### VERGE processing
# Assemble geospatial entities for a ROI

We start by reading in a definition of a region of interest. 
We loop over "sub-ROIs" which are lon/lat boxes of a size specified below.
For each one, we use `osmnx` to pull various geospatial features for that sub-ROI. 
Then we apply some filtering for entities that we are interested in, do some
reformatting, and save the results for further analysis. 

Output is in the folder `gents`. Every file contains the geospatial entities for
one sub-ROI, which is a lon/lat box of dimensions defined below.

## Processing Setup

In [24]:
# AWS / SageMaker
import sagemaker
project_home = 's3://odyssey-geospatial/verge'

In [25]:
# # Google colab
# import os
# from google.colab import drive
# drive.mount('/content/drive')
# project_home = '/content/drive/MyDrive/Projects/verge'
# os.chdir(project_home)
# !pip install geo_encodings osmnx

In [26]:
# Local processing setup
# project_home = '..'

## Notebook Setup

In [27]:
import os
import sys

import pandas as pd
import numpy as np
import pyproj
import boto3
import json
import s3fs


In [28]:
# import torch
# import torch.nn as nn
# import torch.nn.functional as F
# import torch.optim as optim
# from torch.utils.data import DataLoader, Dataset
# from typing import List, Tuple, Optional

# import pickle
# import json
import copy
# import pandas as pd
# import numpy as np
import shapely
import osmnx
import geopandas

# import sys
# sys.path.append('%s/03-embeddings' % project_home)
# from embedderv5 import *

sys.path.append('..')
from utils.verge import rules


## Parameters

In [29]:
# The name of the ROI to use.
roi_name = 'ne-test'

# The name of the general-purpose data directory.
data_home = '%s/data' % (project_home)

# The name of the ROI-specific data directory.
roi_home = '%s/data/%s' % (project_home, roi_name)

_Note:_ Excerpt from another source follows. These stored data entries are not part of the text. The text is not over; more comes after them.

Lemma even_cover_crossing2 F S p q :
  is_even_cover F -> (forall g, crosses S g = (g == p) || (g == q)) ->
  (p \in F) = (q \in F).
Proof.
move=> ev hc; have := even_cover_crossing_even S ev.
have -> : [set g in F | crosses S g] = F :&: [set p; q].
  by apply/setP => g; rewrite !inE hc.
case pF: (p \in F); case qF: (q \in F) => //.
- suff -> : F :&: [set p; q] = [set p] by rewrite cards1.
  apply/setP => g; rewrite !inE; case: (eqVneq g p) => [->|_]; first by rewrite pF.
  by case: (eqVneq g q) => [->|]; rewrite ?qF ?andbF.
- suff -> : F :&: [set p; q] = [set q] by rewrite cards1.
  apply/setP => g; rewrite !inE; case: (eqVneq g q) => [->|_]; first by rewrite qF orbT.
  by case: (eqVneq g p) => [->|]; rewrite ?pF ?orbF ?andbF.
Qed.

Lemma adjA_sym F : symmetric (adjA F).
Proof.
move=> u v; apply/existsP/existsP => -[g /andP[gF h]]; exists g;
  by rewrite gF /= orbC.
Qed.

Lemma connect_adjA_sym F u v : connect (adjA F) u v = connect (adjA F) v u.
Proof. exact: (sym_connect_sym (@adjA_sym F)). Qed.

Lemma adj_on_sym S F : symmetric (adj_on S F).
Proof. by move=> u v; rewrite /adj_on adjA_sym andbCA. Qed.

Lemma adjA_ends F g : g \in F -> adjA F (ends g).1 (ends g).2.
Proof. by move=> gF; apply/existsP; exists g; rewrite gF -surjective_pairing eqxx. Qed.

Lemma connect_adjA_eq F u w1 w2 :
  adjA F w1 w2 -> connect (adjA F) u w1 = connect (adjA F) u w2.
Proof.
move=> h; apply/idP/idP => c; first exact: connect_trans c (connect1 h).
by apply: connect_trans c (connect1 _); rewrite adjA_sym.
Qed.

Lemma connect_on_mem S F u v : connect (adj_on S F) u v -> u \in S -> v \in S.
Proof.
move/connectP=> [p pth ->]; elim: p u pth => //= z p IH u /andP[h pth] _.
by apply: (IH z pth); case/and3P: h.
Qed.
Lemma sumR_le_const f l m : (forall x, In x l -> f x <= m) -> sumR f l <= INR (length l) * m.
Proof.
  unfold sumR. induction l as [|a l IH]; cbn [map fold_right length]; intros H; [simpl; lra |].
  pose proof (H a (or_introl eq_refl)). pose proof (IH (fun x h => H x (or_intror h))).
  rewrite S_INR. lra.
Qed.

Lemma sumR_ge_const f l m : (forall x, In x l -> m <= f x) -> INR (length l) * m <= sumR f l.
Proof.
  unfold sumR. induction l as [|a l IH]; cbn [map fold_right length]; intros H; [simpl; lra |].
  pose proof (H a (or_introl eq_refl)). pose proof (IH (fun x h => H x (or_intror h))).
  rewrite S_INR. lra.
Qed.

Lemma sumR_nonneg f l : (forall x, In x l -> 0 <= f x) -> 0 <= sumR f l.
Proof.
  intros H. pose proof (sumR_ge_const f l 0 H) as G. rewrite Rmult_0_r in G. exact G.
Qed.

Lemma sumR_incl f l L : (forall x, 0 <= f x) -> NoDup l -> incl l L -> sumR f l <= sumR f L.
Proof.
  intros Hf Hl. revert L. induction Hl as [|x l Hx Hl IH]; intros L HlL.
  - apply sumR_nonneg; auto.
  - destruct (in_split x L) as [L1 [L2 ->]]; [apply HlL; now left |].
    assert (Hsub : incl l (L1 ++ L2)).
    { intros y Hy. assert (Hy' : In y (L1 ++ x :: L2)) by (apply HlL; now right).
      apply in_app_or in Hy'. apply in_or_app.
      destruct Hy' as [| [<- |]]; tauto. }
    specialize (IH _ Hsub). rewrite sumR_app in *. unfold sumR in *. simpl. lra.
Qed.

End Sums.

Lemma sumR_geom q m n : 0 <= q < 1 -> sumR (pow q) (seq m n) <= q ^ m / (1 - q).
Proof.
  intros Hq. revert m. induction n as [|n IH]; intros m; unfold sumR in *; simpl.
  - apply Rmult_le_pos; [apply pow_le | left; apply Rinv_0_lt_compat]; lra.
  - specialize (IH (S m)). simpl in IH.
    assert (q ^ m + q * q ^ m / (1 - q) = q ^ m / (1 - q)) by (field; lra). lra.
Qed.

Definition hub_rate (nstar : nat) (ups eps : R) : R :=
  / (ups * Rpower (ln (ln (INR (S nstar)))) (1 + eps)).

Definition critical_alpha (nstar : nat) (ups eps theta : R) : R :=
  ln (INR nstar) + (3 + 2 * theta) * hub_rate nstar ups eps.

Lemma hub_rate_pos nstar ups eps : 0 < ups -> 0 < hub_rate nstar ups eps.
Proof. intros Hu. apply Rinv_0_lt_compat, Rmult_lt_0_compat; [exact Hu | apply exp_pos]. Qed.

Lemma exp1_lt_INR nstar : (2 < nstar)%nat -> exp 1 < INR (S nstar).
Proof.
  intros H. pose proof exp_le_3.
  assert (4 <= INR (S nstar)) by (replace 4 with (INR 4) by (simpl; lra); apply le_INR; lia).
  lra.
Qed.
Definition MonCat_rev (C : MonCat) : MonCat.
Proof.
refine {| ob := ob C; mor := mor C; dom := @dom C; cod := @cod C; idm := @idm C;
          comp := @comp C; tob := fun a b => tob b a; tmor := fun f g => tmor g f;
          munit := munit C |}.
- exact: dom_id.
- exact: cod_id.
- exact: dom_comp.
- exact: cod_comp.
- exact: comp_idl.
- exact: comp_idr.
- exact: comp_assoc.
- by move=> f g; apply: dom_tmor.
- by move=> f g; apply: cod_tmor.
- by move=> a b; apply: tmor_id.
- by move=> f g f' g' fg fg'; apply: tmor_comp.
- by move=> a b c; rewrite tob_assoc.
- by move=> f g h; rewrite tmor_assoc.
- exact: tob_unitr.
- exact: tob_unitl.
- exact: tmor_unitr.
- exact: tmor_unitl.
Defined.

Definition Functor_rev (C D : MonCat) (F : Functor C D) :
    Functor (MonCat_rev C) (MonCat_rev D) :=
  @Build_Functor (MonCat_rev C) (MonCat_rev D) (fob F) (fmor F) (fmor_dom F) (fmor_cod F)
     (fmor_id F) (fmor_comp F).

Definition ComonFun_rev (C D : MonCat) (F : ComonFun C D) :
    ComonFun (MonCat_rev C) (MonCat_rev D).
Proof.
refine {| cfun := Functor_rev F; F2 := fun X Y => F2 F Y X; F0 := F0 F |}.
- by move=> X Y; apply: (F2_hom F Y X).
- by move=> f g; apply: (F2_nat F g f).
- exact: (F0_hom F).
- by move=> X Y Z; rewrite (F2_coassoc F Z Y X).
- exact: (F0_counitr F).
- exact: (F0_counitl F).
Defined.

Definition ComonAdj_rev (C D : MonCat) (A : ComonAdj C D) :
    ComonAdj (MonCat_rev C) (MonCat_rev D).
Proof.
refine {| LF := ComonFun_rev (LF A); RU := ComonFun_rev (RU A); eta := eta A; eps := eps A |}.
- exact: (eta_hom A).
- exact: (eta_nat A).
- exact: (eps_hom A).
- exact: (eps_nat A).
- exact: (triangle_F A).
- exact: (triangle_U A).
- by move=> X Y; apply: (eta_comon2 A Y X).
- exact: (eta_comon0 A).
- by move=> X Y; apply: (eps_comon2 A Y X).
- exact: (eps_comon0 A).
Defined.

Definition RightClosed_rev (C : MonCat) (R : RightClosed C) : LeftClosed (MonCat_rev C) :=
  @Build_LeftClosed (MonCat_rev C) (rihom R) (rev R) (rev_hom R) (rev_univ R).

Lemma right_Hopf_iff_right_closed (C D : MonCat) (A : ComonAdj C D)
    (Um2 : ob D -> ob D -> mor C)
    (Um2_inverse : forall X Y, is_inverse (F2 (RU A) X Y) (Um2 X Y))
    (RC : RightClosed C) (RD : RightClosed D) :
  right_Hopf A <-> right_closed_functor RC RD (RU A) Um2.
Proof.
have := left_Hopf_iff_left_closed (A := ComonAdj_rev A) (Um2 := fun X Y => Um2 Y X)
  (fun X Y => Um2_inverse Y X) (RightClosed_rev RC) (RightClosed_rev RD).
move=> [hopf_closed closed_hopf]; split=> [hopf | closed d c].
- by apply: hopf_closed => c d; apply: hopf.
- exact: closed_hopf closed c d.
Qed.

Theorem mainTheorem5 (C D : MonCat) (A : ComonAdj C D)
    (Um2 : ob D -> ob D -> mor C)
    (HUm2 : forall X Y, is_inverse (F2 (RU A) X Y) (Um2 X Y)) :
  (forall (LC : LeftClosed C) (LD : LeftClosed D),
      left_Hopf A <-> left_closed_functor LC LD (RU A) Um2) /\
  (forall (RC : RightClosed C) (RD : RightClosed D),
      right_Hopf A <-> right_closed_functor RC RD (RU A) Um2).
Proof.
split=> [LC LD | RC RD].
- exact: left_Hopf_iff_left_closed.
- exact: right_Hopf_iff_right_closed.
Qed.
(* Let $k,l\in\hat I$, $u,v\in\mathbb C^\times$, and consider $V^{(k)}(u)\otimes V^{(l)}(v)$ with basis $[u]^{(k)}_i\otimes[v]^{(l)}_j$ ($i,j\in\mathbb Z$) and the action of $\mathcal E_n$ given by the coproduct. Then: 1. If $uq_1^{nm+k-l}=v$ for some $m\in\mathbb Z$, the action of $\mathcal E_n$ is not well-defined; in all other cases it is well-defined. 2. If $uq_2q_1^{nm+k-l}=v$ for some $m\in\mathbb Z$, the span of the vectors $[u]^{(k)}_i\otimes[v]^{(l)}_j$ with $i\ge j+nm+k-l$ is a submodule. This submodule and the corresponding quotient module are tame, irreducible $\mathcal E_n$-modules of level $1$. 3. If $uq_2^{-1}q_1^{nm+k-l}=v$ for some $m\in\mathbb Z$, the span of the vectors $[u]^{(k)}_i\otimes[v]^{(l)}_j$ with $i\ge j+nm+k-l+1$ is a submodule. This submodule and the quotient module are tame, irreducible $\mathcal E_n$-modules of level $1$. 4. In all other cases $V^{(k)}(u)\otimes V^{(l)}(v)$ is a tame, irreducible $\mathcal E_n$-module of level $1$.
   Context: Fix an integer $n\ge3$ and let $\hat I=\{0,1,\dots,n-1\}$. Indices in $\hat I$ are taken cyclically modulo $n$, and $a\equiv b$ means $n\mid a-b$. Let $a_{ii}=2$, $a_{i,i\pm1}=-1$ and $a_{ij}=0$ otherwise. Let $m_{i-1,i}=-1$, $m_{i,i-1}=1$ and $m_{ij}=0$ otherwise. Let $q,d\in\mathbb C^\times$ and $q_1=d/q$, $q_2=q^2$, $q_3=1/(dq)$. Assume genericity: $q_1^aq_2^bq_3^c=1$ ($a,b,c\in\mathbb Z$) only if $a=b=c$. Let $\delta(z)=\sum_{m\in\mathbb Z}z^m$ and $\psi(z)=\frac{q-q^{-1}z}{1-z}$. The algebra $\mathcal E_n$ has generators $E_{i,m},F_{i,m},H_{i,l}$ ($l\ne0$) and $K_i^{\pm1}$, with series $E_i(z)=\sum E_{i,m}z^{-m}$, $F_i(z)=\sum F_{i,m}z^{-m}$ and $K_i^\pm(z)=K_i^{\pm1}\exp(\pm(q-q^{-1})\sum_{m\ge1}H_{i,\pm m}z^{\mp m})$. The relations are: - $K_iK_i^{-1}=1$, and the $K$'s commute; - $(q^{a_{ij}}w-d^{m_{ij}}z)K_i^\pm(z)E_j(w)=(w-d^{m_{ij}}q^{a_{ij}}z)E_j(w)K_i^\pm(z)$; - $(w-d^{m_{ij}}q^{a_{ij}}z)K_i^\pm(z)F_j(w)=(q^{a_{ij}}w-d^{m_{ij}}z)F_j(w)K_i^\pm(z)$; - $[E_i(z),F_j(w)]=\frac{\delta_{ij}}{q-q^{-1}}(\delta(w/z)K_i^+(w)-\delta(z/w)K_i^-(z))$; - $(d^{m_{ij}}z-q^{a_{ij}}w)E_i(z)E_j(w)=(d^{m_{ij}}q^{a_{ij}}z-w)E_j(w)E_i(z)$; - $(d^{m_{ij}}z-q^{-a_{ij}}w)F_i(z)F_j(w)=(d^{m_{ij}}q^{-a_{ij}}z-w)F_j(w)F_i(z)$; - the cubic Serre relations $E_i(z_1)E_i(z_2)E_{i\pm1}(w)-(q+q^{-1})E_i(z_1)E_{i\pm1}(w)E_i(z_2)+E_{i\pm1}(w)E_i(z_1)E_i(z_2)+(z_1\leftrightarrow z_2)=0$, and likewise for $F$; - $[E_i(z),E_j(w)]=[F_i(z),F_j(w)]=0$ for $i\not\equiv j,j\pm1$. Let $\kappa=\prod K_i$. A module has level $K$ if $\kappa^{-1}$ acts by $K$. It is tame if the $K_i^\pm(z)$ are simultaneously diagonalizable with one-dimensional joint eigenspaces. The vector representation $V^{(k)}(u)$ ($k\in\hat I$, $u\in\mathbb C^\times$) has basis $[u]^{(k)}_j$, $j\in\mathbb Z$, with action: - $E_i(z)[u]^{(k)}_j=\delta(q_1^{j+1}u/z)[u]^{(k)}_{j+1}$ if $i+j+1\equiv k$, else $0$; - $F_i(z)[u]^{(k)}_{j+1}=\delta(q_1^{j+1}u/z)[u]^{(k)}_j$ if $i+j+1\equiv k$, else $0$; - $K_i^\pm(z)[u]^{(k)}_j$ is $\psi(q_1^ju/z)[u]^{(k)}_j$ if $j+i\equiv k$, is $\psi(q_1^jq_3^{-1}u/z)^{-1}[u]^{(k)}_j$ if $j+i+1\equiv k$, and is $[u]^{(k)}_j$ otherwise (rational functions expanded in $z^{\mp1}$). Tensor products carry the action defined by the coproduct: $\Delta K_i^\pm(z)=K_i^\pm(z)\otimes K_i^\pm(z)$, $\Delta E_i(z)=E_i(z)\otimes1+K_i^-(z)\otimes E_i(z)$, $\Delta F_i(z)=F_i(z)\otimes K_i^+(z)+1\otimes F_i(z)$. The resulting matrix coefficients are products $g(z)\delta(c/z)$ of a rational function $g$ (coming from a $K$-eigenvalue) and a delta function. They are interpreted as $g(c)\delta(c/z)$, and the action is called well-defined when $g$ never has a pole at the relevant point $c$. *)

(* C is modelled as R[i] for an arbitrary realType R (all are ≅ ℝ). *)
From HB Require Import structures.
From mathcomp Require Import all_boot all_order all_algebra complex reals.
Set Implicit Arguments. Unset Strict Implicit. Unset Printing Implicit Defensive.
Import Order.TTheory GRing.Theory Num.Theory.
Local Open Scope ring_scope.
Lemma sqrt_exp_div x : 0 < x -> sqrt (exp x / x) = exp (/ 2 * (x - ln x)).
Proof.
  intros Hx. rewrite <- (exp_ln (exp x / x)) by (apply Rdiv_lt_0_compat; [apply exp_pos|lra]).
  rewrite <- (sqrt_square (exp (/ 2 * (x - ln x)))) by (left; apply exp_pos).
  f_equal. rewrite <- exp_plus. unfold Rdiv. rewrite ln_mult, ln_exp, ln_Rinv
    by (try apply Rinv_0_lt_compat; try apply exp_pos; lra).
  f_equal. field.
Qed.

Lemma exp_half_ge_of_energy_bound (Clog eps C : R) (n : nat) (B S : R) :
  0 < C -> (0 < n)%nat -> 0 < B ->
  energy_main Clog n - eps * INR n
    <= INR n * (- (INR n - 1) * ln 2 + ln C - ln B + / 2 * S) ->
  exp (/ 2 * S) >= exp (Clog - eps) / (2 * C) * sqrt (exp (INR n) / INR n) * B.
Proof.
  intros HC Hn HB Hbound. apply lt_0_INR in Hn.
  unfold energy_main, kappa in Hbound. rewrite sqrt_exp_div by assumption.
  set (x := INR n) in *.
  assert (Hper_point : Clog - eps + x / 2 - x * ln 2 - / 2 * ln x
                 <= - (x - 1) * ln 2 + ln C - ln B + / 2 * S).
  { apply (Rmult_le_reg_l x); [assumption|]. unfold Rdiv in *.
    replace (x * (Clog - eps + x * / 2 - x * ln 2 - / 2 * ln x))
      with ((1 * / 2 - ln 2) * x ^ 2 - 1 * / 2 * x * ln x + Clog * x - eps * x) by ring.
    lra. }
  replace (exp (Clog - eps) / (2 * C) * exp (/ 2 * (x - ln x)) * B)
    with (exp ((Clog - eps) + - ln (2 * C) + / 2 * (x - ln x) + ln B)).
  2:{ rewrite !exp_plus, exp_Ropp, !exp_ln by lra. field. lra. }
  apply Rle_ge, exp_le. rewrite ln_mult by lra. lra.
Qed.
(* Distinctness of letters becomes distinctness of their positions in [letters]. *)
Let letters := x :: [seq z i | i <- iota 0 n] ++ [seq t i | i <- iota 0 n].

Lemma x_nth : x = nth 0 letters 0.
Proof. by []. Qed.

Lemma z_nth i : i < n -> z i = nth 0 letters i.+1.
Proof.
move=> lt_in; rewrite /= nth_cat size_map size_iota lt_in.
by rewrite (nth_map 0) ?size_iota ?nth_iota.
Qed.

Lemma t_nth i : i < n -> t i = nth 0 letters (n + i).+1.
Proof.
move=> lt_in; rewrite /= nth_cat size_map size_iota ltnNge leq_addr /= addKn.
by rewrite (nth_map 0) ?size_iota ?nth_iota.
Qed.

Lemma eq_nth_letters i j : i <= n + n -> j <= n + n ->
  (nth 0 letters i == nth 0 letters j) = (i == j).
Proof.
have size_letters : size letters = (n + n).+1 by rewrite /= size_cat !size_map size_iota.
by move=> le_i le_j; rewrite nth_uniq // size_letters.
Qed.

Lemma mem_block k i : k < n -> i < n ->
  (z i \in block k) = (i \in [:: k]) /\ (t i \in block k) = (i \in [:: k]).
Proof. by move=> lt_kn lt_in; rewrite !inE !z_nth ?t_nth // x_nth !eq_nth_letters; lia. Qed.

Lemma mem_cross i j l : i < n -> j < n -> l < n ->
  (z l \in cross i j) = (l \in [:: i; j]) /\ (t l \in cross i j) = (l \in [:: i; j]).
Proof.
by move=> lt_in lt_jn lt_ln; rewrite !inE !z_nth ?t_nth // x_nth !eq_nth_letters; lia.
Qed.

Lemma block_uniq k : k < n -> uniq [:: x; z k; t k].
Proof. by move=> lt_kn; rewrite /= !inE !z_nth ?t_nth // x_nth !eq_nth_letters; lia. Qed.

Lemma cross_uniq i j : i < j -> j < n -> uniq (cross i j).
Proof.
move=> lt_ij lt_jn; have lt_in := ltn_trans lt_ij lt_jn.
by rewrite /cross /= !inE !z_nth ?t_nth // x_nth !eq_nth_letters; lia.
Qed.

Lemma restrict_block k : k < n ->
  restrict (block k) (word_of (iota 0 n)) = [:: z k; t k; x; x; z k].
Proof.
move=> lt_kn; rewrite (restrict_word_of (I := [:: k])) ?filter_mem_iota //=.
- by rewrite lt_kn.
- by rewrite /block !inE eqxx !orbT.
by move=> i; rewrite mem_iota => /andP[_ lt_in]; apply: mem_block.
Qed.

Lemma restrict_cross i j : i < j -> j < n ->
  restrict (cross i j) (word_of (iota 0 n)) = map (nth 0 (cross i j)) W2.
Proof.
move=> lt_ij lt_jn; rewrite (restrict_word_of (I := [:: i; j])) ?filter_mem_iota //=.
- by rewrite lt_ij.
- by rewrite lt_jn (ltn_trans lt_ij).
- by rewrite /cross !inE eqxx !orbT.
move=> l; rewrite mem_iota => /andP[_ lt_ln]; apply: mem_cross => //.
exact: ltn_trans lt_ij lt_jn.
Qed.

Lemma mem_word_block a : 0 < n -> a \in word_of (iota 0 n) ->
  exists2 k, k < n & a \in block k.
Proof.
move=> n_gt0; rewrite !mem_cat => /or3P[/flatten_mapP[k] | | /mapP[k]].
- rewrite mem_iota => /andP[_ lt_kn] a_k; exists k => //.
  by move: a_k; rewrite /block !inE => /orP[] ->; rewrite ?orbT.
- by rewrite !inE orbb => /eqP ->; exists 0; rewrite // /block !inE eqxx !orbT.
- by rewrite mem_iota => /andP[_ lt_kn] ->; exists k; rewrite // /block inE eqxx.
Qed.

Variable S : monoid.
Hypothesis ytxxy_isoterm :
  forall x y t : nat, uniq [:: x; y; t] -> isoterm S [:: y; t; x; x; y].
Variable w : word.
Hypothesis word_sat : satisfies S (word_of (iota 0 n)) w.

Lemma isoterm_restrict_block k : k < n ->
  isoterm S (restrict (block k) (word_of (iota 0 n))).
Proof.
by move=> lt_kn; rewrite restrict_block //; apply: ytxxy_isoterm (block_uniq lt_kn).
Qed.

Lemma restrict_block_sat k : k < n ->
  restrict (block k) w = restrict (block k) (word_of (iota 0 n)).
Proof.
move=> lt_kn; apply: restrict_sat_isoterm word_sat (isoterm_restrict_block lt_kn) _.
by rewrite restrict_block.
Qed.

Lemma restrict_cross_sat i j : i < j -> j < n ->
  restrict (cross i j) w = restrict (cross i j) (word_of (iota 0 n)).
Proof.
move=> lt_ij lt_jn; rewrite restrict_cross //.
apply: sat_nth_isoterm (cross_uniq lt_ij lt_jn) (isoterm_W2 ytxxy_isoterm) _ _ _ _ => //.
  by move=> a; rewrite mem_filter => /andP[].
by rewrite -restrict_cross //; apply: satisfies_filter.
Qed.

Lemma word_sat_letters : 0 < n -> {subset w <= word_of (iota 0 n)}.
Proof.
move=> n_gt0 a a_w; apply/negPn/negP => a_W; move: a_w; apply/negP.
apply: notin_sat_isoterm word_sat (isoterm_restrict_block n_gt0) _ a_W.
by rewrite restrict_block.
Qed.

Lemma restrict_pair_sat i j a b : i < n -> j < n -> a \in block i -> b \in block j ->
  restrict [:: a; b] w = restrict [:: a; b] (word_of (iota 0 n)).
Proof.
wlog le_ij : i j a b / i <= j.
  move=> gen lt_in lt_jn a_i b_j; case: (leqP i j) => [le_ij | /ltnW le_ji].
    exact: gen le_ij lt_in lt_jn a_i b_j.
  have swap_ab : [:: b; a] =i [:: a; b] by move=> v; rewrite !inE orbC.
  by rewrite -!(eq_restrict _ swap_ab); apply: gen le_ji lt_jn lt_in b_j a_i.
move=> lt_in lt_jn a_i b_j; move: le_ij; rewrite leq_eqVlt => /orP[/eqP eq_ij | lt_ij].
  subst j; apply: restrict_sub_eq (restrict_block_sat lt_in) _.
  by move=> v; rewrite mem_seq2 => /orP[] /eqP ->.
have block_cross k : k \in [:: i; j] -> {subset block k <= cross i j}.
  by rewrite !inE => /orP[] /eqP -> v; rewrite !inE => /or3P[] ->; rewrite ?orbT.
apply: restrict_sub_eq (restrict_cross_sat lt_ij lt_jn) _ => v.
rewrite mem_seq2 => /orP[] /eqP ->.
  by apply: (block_cross i) a_i; rewrite mem_seq2 eqxx.
by apply: (block_cross j) b_j; rewrite mem_seq2 eqxx orbT.
Qed.

End Word.

Theorem lemma3p7 (S : monoid)
  (H1 : forall x y t : nat, uniq [:: x; y; t] -> isoterm S [:: y; x; x; t; y])
  (H2 : forall x y t : nat, uniq [:: x; y; t] -> isoterm S [:: y; t; x; x; y]) :
  forall (n : nat) (x : nat) (z t : nat -> nat),
    1 <= n ->
    uniq (x :: [seq z i | i <- iota 0 n] ++ [seq t i | i <- iota 0 n]) ->
    isoterm S (flatten [seq [:: z i; t i] | i <- iota 0 n]
               ++ [:: x; x] ++ [seq z i | i <- iota 0 n]).
Proof.
move=> n x z t n_gt0 letters_uniq w w_ne sat.
have in_block a : a \in w ++ word_of x z t (iota 0 n) ->
    exists2 k, k < n & a \in block x z t k.
  by rewrite mem_cat => /orP[/(word_sat_letters letters_uniq H2 sat n_gt0) |];
    apply: mem_word_block.
apply: restrict_pairs_inj => a b /in_block[i lt_in a_i] /in_block[j lt_jn b_j].
exact: (restrict_pair_sat letters_uniq H2 sat lt_in lt_jn a_i b_j).
Qed.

# # The unique identifier of the model to be used.
# transformer_run_id = '301b'
# collector_run_id = '301b'

## Preliminaries

In [30]:
role = sagemaker.get_execution_role()
print(role)

arn:aws:iam::445567107167:role/service-role/AmazonSageMaker-ExecutionRole-20250825T121753


In [31]:
# Read the ROI definition

# Initialize S3 client
s3 = boto3.client('s3')

# Read the JSON file that defines the region of interest.
bucket_name = 'odyssey-geospatial'
file_key = 'verge/data/newengland/roi.json'

response = s3.get_object(Bucket=bucket_name, Key=file_key)
roi = json.loads(response['Body'].read().decode('utf-8'))
print(json.dumps(roi, indent=2))


{
  "name": "newengland",
  "lon0": -73.564321,
  "lat0": 41.253746,
  "lon1": -68.058533,
  "lat1": 45.116468,
  "proj_def": "\n+proj=tmerc +lat_0=43.185107 +lon_0=-70.81142700000001\n+k=1.0 +x_0=231000.0 +y_0=211000.0 +datum=WGS84 +units=m +no_defs\n",
  "tile_size": 2000,
  "tile_shift": 1000,
  "encoding_resolution": 100
}


In [32]:
# Read the file containing labels for different type of geospatial entities
# that we are interested in.

fname = '%s/labels.csv' % data_home
labels = pd.read_csv(fname)

# Make a lookup table to get a numerical label from a text label.
label_lookup = {
    z['label']: z['id']
    for z in labels.to_dict('records')
}
label_count = len(label_lookup)
label_lookup

{'amenity : commercial': 0,
 'amenity : food and drink': 1,
 'amenity : parking lot': 2,
 'amenity : recreation': 3,
 'landuse : agricultural': 4,
 'landuse : commercial': 5,
 'landuse : forest': 6,
 'landuse : industrial': 7,
 'landuse : meadow': 8,
 'landuse : recreation': 9,
 'landuse : residential': 10,
 'landuse : retail': 11,
 'railway : rail': 12,
 'railway : rail stop': 13,
 'route : highway': 14,
 'route : primary road': 15,
 'route : residential road': 16,
 'route : secondary road': 17,
 'route : tertiary road': 18,
 'waterway : lakes and ponds': 19,
 'waterway : land': 20,
 'waterway : rivers and streams': 21}

In [33]:
# Define a local map projection, using the definition from the ROI file.
def get_projections(proj_def):
    ltm_crs = pyproj.CRS.from_proj4(proj_def)
    wgs84_crs = pyproj.CRS.from_epsg(4326)
    proj_forward = pyproj.Transformer.from_crs(wgs84_crs, ltm_crs, always_xy=True).transform
    proj_inverse = pyproj.Transformer.from_crs(ltm_crs, wgs84_crs, always_xy=True).transform
    return proj_forward, proj_inverse


proj_forward, proj_inverse = get_projections(roi['proj_def'])

In [34]:
# Read the coastline file.
fname = '%s/coastlines/coastlines.shp' % (roi_home)
print(fname)
coastlines_gdf = geopandas.read_file(fname)
print('%d coastline polygons' % len(coastlines_gdf))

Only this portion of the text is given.